Identify the Smallest Meaningful Step To Improve

You’ve now identified a problem to fix and have a solution in mind. Great! Now is the hard part: determine the smallest meaningful step to move towards that solution.

Most of your problems can’t be fixed quickly and in one big step. If you are attempting to improve how your team deploys software, for instance, there are many, many things to do to realize your solution. What you need to do is walk your solution backward, asking, “what do we need to do that?” Keep repeating this until you recognize the next step to take from where you are now.

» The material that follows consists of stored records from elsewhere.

Lemma Rsup : forall X, (forall x, X x -> Rpred x) -> Rpred (fsup X).
Proof.
  intros X HX; unfold Rpred. rewrite qmul_supl. apply fsup_least.
  intros z [x [Hx ->]]. eapply fle_trans; [apply HX; exact Hx|].
  apply fsup_ub; exact Hx.
Qed.

Lemma Rmeet : forall x y, Rpred x -> Rpred y -> Rpred (fmeet x y).
Proof.
  intros x y Hx Hy; unfold Rpred in *. apply fmeet_glb.
  - eapply fle_trans; [apply qmul_mono_l, fmeet_lb1 | exact Hx].
  - eapply fle_trans; [apply qmul_mono_l, fmeet_lb2 | exact Hy].
Qed.

Lemma Rtop : Rpred ftop.
Proof. unfold Rpred; apply ftop_max. Qed.

Lemma Lsup : forall X, (forall x, X x -> Lpred x) -> Lpred (fsup X).
Proof.
  intros X HX. exists (fsup (img qinv X)). split.
  - apply Rsup. intros z [x [Hx ->]]. destruct (HX x Hx) as [w [Hw ->]].
    rewrite qinv_inv; exact Hw.
  - rewrite qinv_sup. apply fsup_ext. intros y; split.
    + intros Hy. exists (qinv y); split; [exists y; split; auto|].
      rewrite qinv_inv; reflexivity.
    + intros [z [[x [Hx ->]] ->]]. rewrite qinv_inv; exact Hx.
Qed.

Lemma Lmeet : forall x y, Lpred x -> Lpred y -> Lpred (fmeet x y).
Proof.
  intros x y [u [Hu ->]] [v [Hv ->]]. exists (fmeet u v); split.
  - apply Rmeet; assumption.
  - symmetry; apply qinv_meet.
Qed.

Lemma Ltop : Lpred ftop.
Proof. exists ftop; split; [apply Rtop | symmetry; apply qinv_top]. Qed.

Lemma Tsup : forall X, (forall x, X x -> Tpred x) -> Tpred (fsup X).
Proof.
  intros X HX; split; [apply Rsup | apply Lsup]; intros x Hx; apply HX; exact Hx.
Qed.

Lemma Tmeet : forall x y, Tpred x -> Tpred y -> Tpred (fmeet x y).
Proof.
  intros x y [? ?] [? ?]; split; [apply Rmeet | apply Lmeet]; assumption.
Qed.

Lemma Ttop : Tpred ftop.
Proof. split; [apply Rtop | apply Ltop]. Qed.

Definition RQ : Frame := @SubFrame _ _ Rsup Rmeet Rtop.
Definition LQ : Frame := @SubFrame _ _ Lsup Lmeet Ltop.
Definition TQ : Frame := @SubFrame _ _ Tsup Tmeet Ttop.

Definition incTR (t : TQ) : RQ :=
  exist Rpred (proj1_sig t) (proj1 (proj2_sig t)).
Definition incTL (t : TQ) : LQ :=
  exist Lpred (proj1_sig t) (proj2 (proj2_sig t)).
Definition incRQ (x : RQ) : Q := proj1_sig x.
Definition incLQ (y : LQ) : Q := proj1_sig y.

Definition Epred (a : A) : Prop := lact a (ftop : Q) = ract (ftop : Q) a.

Lemma Esup : forall X, (forall x, X x -> Epred x) -> Epred (fsup X).
Proof.
  intros X HX; unfold Epred. rewrite lact_supl, ract_supr. apply fsup_ext.
  intros y; split; intros [a [Ha ->]]; exists a; split; auto;
    rewrite (HX a Ha); reflexivity.
Qed.

Lemma Emeet : forall a b, Epred a -> Epred b -> Epred (fmeet a b).
Proof.
  intros a b Ha Hb; unfold Epred in *.
  rewrite lact_meet, ract_meet, Hb, <- act_assoc, Ha. reflexivity.
Qed.

Lemma Etop : Epred ftop.
Proof. unfold Epred; rewrite lact_top, ract_top; reflexivity. Qed.

Definition EA : Frame := @SubFrame _ _ Esup Emeet Etop.
Definition incEA (e : EA) : A := proj1_sig e.

Definition uQ (a : A) : Q := lact a ftop.
Definition vQ (a : A) : Q := ract ftop a.

End RLT.

Arguments RQ {A} Q.
Arguments LQ {A} Q.
Arguments TQ {A} Q.
Arguments EA {A} Q.
Arguments incTR {A Q}.
Arguments incTL {A Q}.
Arguments incRQ {A Q}.
Arguments incLQ {A Q}.
Arguments incEA {A Q}.
Arguments uQ {A} Q a.
Arguments vQ {A} Q a.

(* R(Q) and L(Q) are both copies of A: a right-sided x is recovered as
   [supp x |> 1], so [a |-> a |> 1] and [a |-> 1 <| a] are frame isomorphisms
   A -> R(Q) and A -> L(Q), the second being the first followed by the
   involution.  Since [a |> 1 = 1 <| b] forces [a = b], an element of T(Q) is
   exactly some [a |> 1 = 1 <| a] with a in E, so these isomorphisms carry the
   span T(Q) -> R(Q), L(Q) onto the span E -> A, A and the cocone of
   inclusions into Q onto the cocone [a |-> a |> 1], [a |-> 1 <| a].  The
   universal property of a pushout is invariant under such a change of span
   and under isomorphism of the apex, which gives all the equivalences. *)
From Stdlib Require Import Setoid.

Set Implicit Arguments.

Lemma fmeet_top_l (F : Frame) (x : F) : fmeet ftop x = x.
Proof.
  apply fle_antisym; [apply fmeet_lb2 |].
  apply fmeet_glb; [apply ftop_max | apply fle_refl].
Qed.

Lemma fmeet_top_r (F : Frame) (x : F) : fmeet x ftop = x.
Proof.
  apply fle_antisym; [apply fmeet_lb1 |].
  apply fmeet_glb; [apply fle_refl | apply ftop_max].
Qed.

Lemma fsup_img_comp (F G : Type) (H : Frame) (f : F -> G) (g : G -> H) (X : F -> Prop) :
  fsup (img g (img f X)) = fsup (img (fun x => g (f x)) X).
Proof.
  apply fsup_ext; intros y; split.
  - intros [z [[x [Hx ->]] ->]]; exists x; auto.
  - intros [x [Hx ->]]; exists (f x); split; [exists x; auto | reflexivity].
Qed.

Lemma fsup_hom_mono (F G : Frame) (f : F -> G) :
  (forall X, f (fsup X) = fsup (img f X)) -> forall x y, fle x y -> fle (f x) (f y).
Proof.
  intros Hf x y Hxy.
  assert (Ey : y = fsup (fun z => z = x \/ z = y)).
  { apply fle_antisym; [apply fsup_ub; right; reflexivity |].
    apply fsup_least; intros z [-> | ->]; [exact Hxy | apply fle_refl]. }
  rewrite Ey, Hf. apply fsup_ub. exists x; split; auto.
Qed.

Lemma frame_hom_id (F : Frame) : frame_hom (fun x : F => x).
Proof.
  split; [reflexivity | split; [reflexivity |]].
  intros X; apply fsup_ext; intros y; split.
  - intros Hy; exists y; auto.
  - intros [x [Hx ->]]; exact Hx.
Qed.

Lemma frame_hom_comp (F G H : Frame) (f : F -> G) (g : G -> H) :
  frame_hom f -> frame_hom g -> frame_hom (fun x => g (f x)).
Proof.
  intros [f_top [f_meet f_sup]] [g_top [g_meet g_sup]]; split; [| split].
  - rewrite f_top; exact g_top.
  - intros x y; rewrite f_meet; apply g_meet.
  - intros X; rewrite f_sup, g_sup; apply fsup_img_comp.
Qed.

Lemma frame_hom_ext {F G : Frame} {f g : F -> G} :
  (forall x, f x = g x) -> frame_hom f -> frame_hom g.
Proof.
  intros Efg [f_top [f_meet f_sup]]; split; [| split].
  - rewrite <- Efg; exact f_top.
  - intros x y; rewrite <- !Efg; apply f_meet.
  - intros X; rewrite <- Efg, f_sup; apply fsup_ext; intros y; split;
      intros [x [Hx ->]]; exists x; split; auto.
Qed.

Lemma frame_hom_inverse {F G : Frame} {f : F -> G} {g : G -> F} :
  frame_hom f -> (forall x, g (f x) = x) -> (forall y, f (g y) = y) -> frame_hom g.
Proof.
  intros [f_top [f_meet f_sup]] gf fg; split; [| split].
  - rewrite <- f_top; apply gf.
  - intros x y; rewrite <- (fg x), <- (fg y), <- f_meet, !gf; reflexivity.
  - intros Y; rewrite <- (gf (fsup (img g Y))), f_sup, fsup_img_comp.
    f_equal; apply fsup_ext; intros y; split.
    + intros Hy; exists y; rewrite fg; auto.
    + intros [x [Hx ->]]; rewrite fg; exact Hx.
Qed.

Lemma frame_iso_id (F : Frame) : frame_iso (fun x : F => x).
Proof.
  split; [apply frame_hom_id |].
  exists (fun x => x); split; [apply frame_hom_id | split; reflexivity].
Qed.

Section SubFrameMaps.
Variables (F G : Frame) (P : F -> Prop).
Hypothesis Psup : forall X, (forall x, X x -> P x) -> P (fsup X).
Hypothesis Pmeet : forall x y, P x -> P y -> P (fmeet x y).
Hypothesis Ptop : P ftop.

Lemma frame_hom_val : frame_hom (fun x : SubFrame F P Psup Pmeet Ptop => proj1_sig x).
Proof. split; [reflexivity | split; reflexivity]. Qed.

Lemma frame_hom_corestrict (f : G -> SubFrame F P Psup Pmeet Ptop) :
  frame_hom (fun x => proj1_sig (f x)) -> frame_hom f.
Proof.
  intros [f_top [f_meet f_sup]]; split; [| split]; intros;
    apply sub_eq; simpl; [exact f_top | apply f_meet |].
  rewrite f_sup; symmetry; apply fsup_img_comp.
Qed.
End SubFrameMaps.

Lemma pushout_univ_iso {T R L P P' : Frame} {a : T -> R} {b : T -> L}
    {i : R -> P} {j : L -> P} {i' : R -> P'} {j' : L -> P'} {phi : P -> P'} :
  pushout_univ a b i j -> frame_iso phi ->
  (forall x, phi (i x) = i' x) -> (forall y, phi (j y) = j' y) ->
  pushout_univ a b i' j'.
Proof.
  intros Hu [phi_hom [psi [psi_hom [psi_phi phi_psi]]]] Ei Ej S h k Hh Hk Hhk.
  destruct (Hu S h k Hh Hk Hhk) as [u [[u_hom [u_i u_j]] u_uniq]].
  exists (fun z => u (psi z)); split; [split; [| split] |].
  - exact (frame_hom_comp psi_hom u_hom).
  - intros x; rewrite <- Ei, psi_phi; apply u_i.
  - intros y; rewrite <- Ej, psi_phi; apply u_j.
  - intros v v_hom v_i v_j z.
    transitivity (v (phi (psi z))); [rewrite phi_psi; reflexivity |].
    apply (u_uniq (fun p => v (phi p))); [exact (frame_hom_comp phi_hom v_hom) | |];
      intros; [rewrite Ei | rewrite Ej]; auto.
Qed.

Lemma pushout_univ_transfer {T R L P T' R' L' : Frame}
    {a : T -> R} {b : T -> L} {i : R -> P} {j : L -> P}
    {a' : T' -> R'} {b' : T' -> L'} {i' : R' -> P} {j' : L' -> P}
    {r : R' -> R} {l : L' -> L} :
  pushout_univ a' b' i' j' -> frame_hom r -> frame_hom l ->
  (forall x, exists y, r y = x) -> (forall x, exists y, l y = x) ->
  (forall y, i (r y) = i' y) -> (forall y, j (l y) = j' y) ->
  (forall t', exists t, a t = r (a' t') /\ b t = l (b' t')) ->
  pushout_univ a b i j.
Proof.
  intros Hu r_hom l_hom r_surj l_surj Ei Ej span S h k Hh Hk Hhk.
  destruct (Hu S (fun y => h (r y)) (fun y => k (l y))
              (frame_hom_comp r_hom Hh) (frame_hom_comp l_hom Hk))
    as [u [[u_hom [u_i u_j]] u_uniq]].
  { intros t'; destruct (span t') as [t [Ea Eb]]; rewrite <- Ea, <- Eb; apply Hhk. }
  exists u; split; [split; [exact u_hom | split] |].
  - intros x; destruct (r_surj x) as [y <-]; rewrite Ei; apply u_i.
  - intros x; destruct (l_surj x) as [y <-]; rewrite Ej; apply u_j.
  - intros v v_hom v_i v_j; apply u_uniq; [exact v_hom | |];
      intros y; [rewrite <- Ei | rewrite <- Ej]; auto.
Qed.

Section SupportedQuantalFrame.
Variables (A : Frame) (Q : EqSuppQuantalFrame A).

Lemma lact_mono (a : A) (x y : Q) : fle x y -> fle (lact a x) (lact a y).
Proof. apply fsup_hom_mono; intros; apply lact_supr. Qed.

Lemma qmul_mono_r (x y y' : Q) : fle y y' -> fle (qmul x y) (qmul x y').
Proof. apply fsup_hom_mono; intros; apply qmul_supr. Qed.

Lemma supp_mono (x y : Q) : fle x y -> fle (supp x) (supp y).
Proof. apply fsup_hom_mono; intros; apply supp_sup. Qed.

Lemma le_qmul_qinv (x : Q) : fle x (qmul (qmul x (qinv x)) x).
Proof. rewrite <- (supp_fix Q x) at 1; apply supp_le. Qed.

Lemma le_qmul_top_r (x : Q) : fle x (qmul x ftop).
Proof.
  eapply fle_trans; [apply le_qmul_qinv |].
  rewrite qmul_assoc; apply qmul_mono_r, ftop_max.
Qed.

Lemma le_qmul_top_l (x : Q) : fle x (qmul ftop x).
Proof.
  eapply fle_trans; [apply le_qmul_qinv |].
  apply qmul_mono_l, ftop_max.
Qed.

Lemma qmul_top_r_supp (x : Q) : qmul x ftop = uQ Q (supp x).
Proof.
  unfold uQ; apply fle_antisym.
  - rewrite <- (supp_fix Q x) at 1; rewrite qmul_lact.
    apply lact_mono, ftop_max.
  - eapply fle_trans; [apply supp_le |].
    rewrite qmul_assoc; apply qmul_mono_r, ftop_max.
Qed.

Lemma right_sided_uQ (a : A) : Rpred Q (uQ Q a).
Proof. unfold Rpred, uQ; rewrite qmul_lact; apply lact_mono, ftop_max. Qed.

Lemma right_sided_eq {x : Q} : Rpred Q x -> uQ Q (supp x) = x.
Proof.
  intros Rx; rewrite <- qmul_top_r_supp.
  apply fle_antisym; [exact Rx | apply le_qmul_top_r].
Qed.

Lemma supp_uQ (a : A) : supp (uQ Q a) = a.
Proof. unfold uQ; rewrite supp_equiv, supp_top; apply fmeet_top_r. Qed.

Lemma qinv_uQ (a : A) : qinv (uQ Q a) = vQ Q a.
Proof.
  unfold uQ, vQ; rewrite <- (ract_top Q ftop) at 1.
  rewrite qinv_act, qinv_top, lact_top; reflexivity.
Qed.

Lemma qinv_vQ (a : A) : qinv (vQ Q a) = uQ Q a.
Proof. rewrite <- qinv_uQ; apply qinv_inv. Qed.

Lemma left_sided_vQ (a : A) : Lpred Q (vQ Q a).
Proof. exists (uQ Q a); split; [apply right_sided_uQ | symmetry; apply qinv_uQ]. Qed.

Ideally, this is a step you can take immediately. Creating a group or team in GitHub; writing documentation; creating a Postman collection, etc. The point here is that if you can take action right now, then it’s improving your team right now as well.

Go to the Source Again

From here, you repeat the steps over again. Go to the source to identify problems. Brainstorm solutions to those problems, laying out a vision for achieving them. Identify the smallest meaningful next step towards that achieving that vision and take action.

You will find that your original vision will shift — that is good! As you continue going back to the source, if you are making improvements, the problem itself will shift slightly.

I like to think of this as cleaning up a messy room. You might identify a pile of clothes you need to pick up and tackle that first, with your goal to get all of your clothes clean and put away. However, you discover under the clothes pile that someone accidentally knocked over a plant, and there is dirt all over the floor. The dirt might now be the immediate thing to tackle.\ Kaizen is a powerful mental framework and guide for how to improve as a team. I’ve barely scratched the surface here, but I hope it can help you understand how to start using it on your team.

Happy coding!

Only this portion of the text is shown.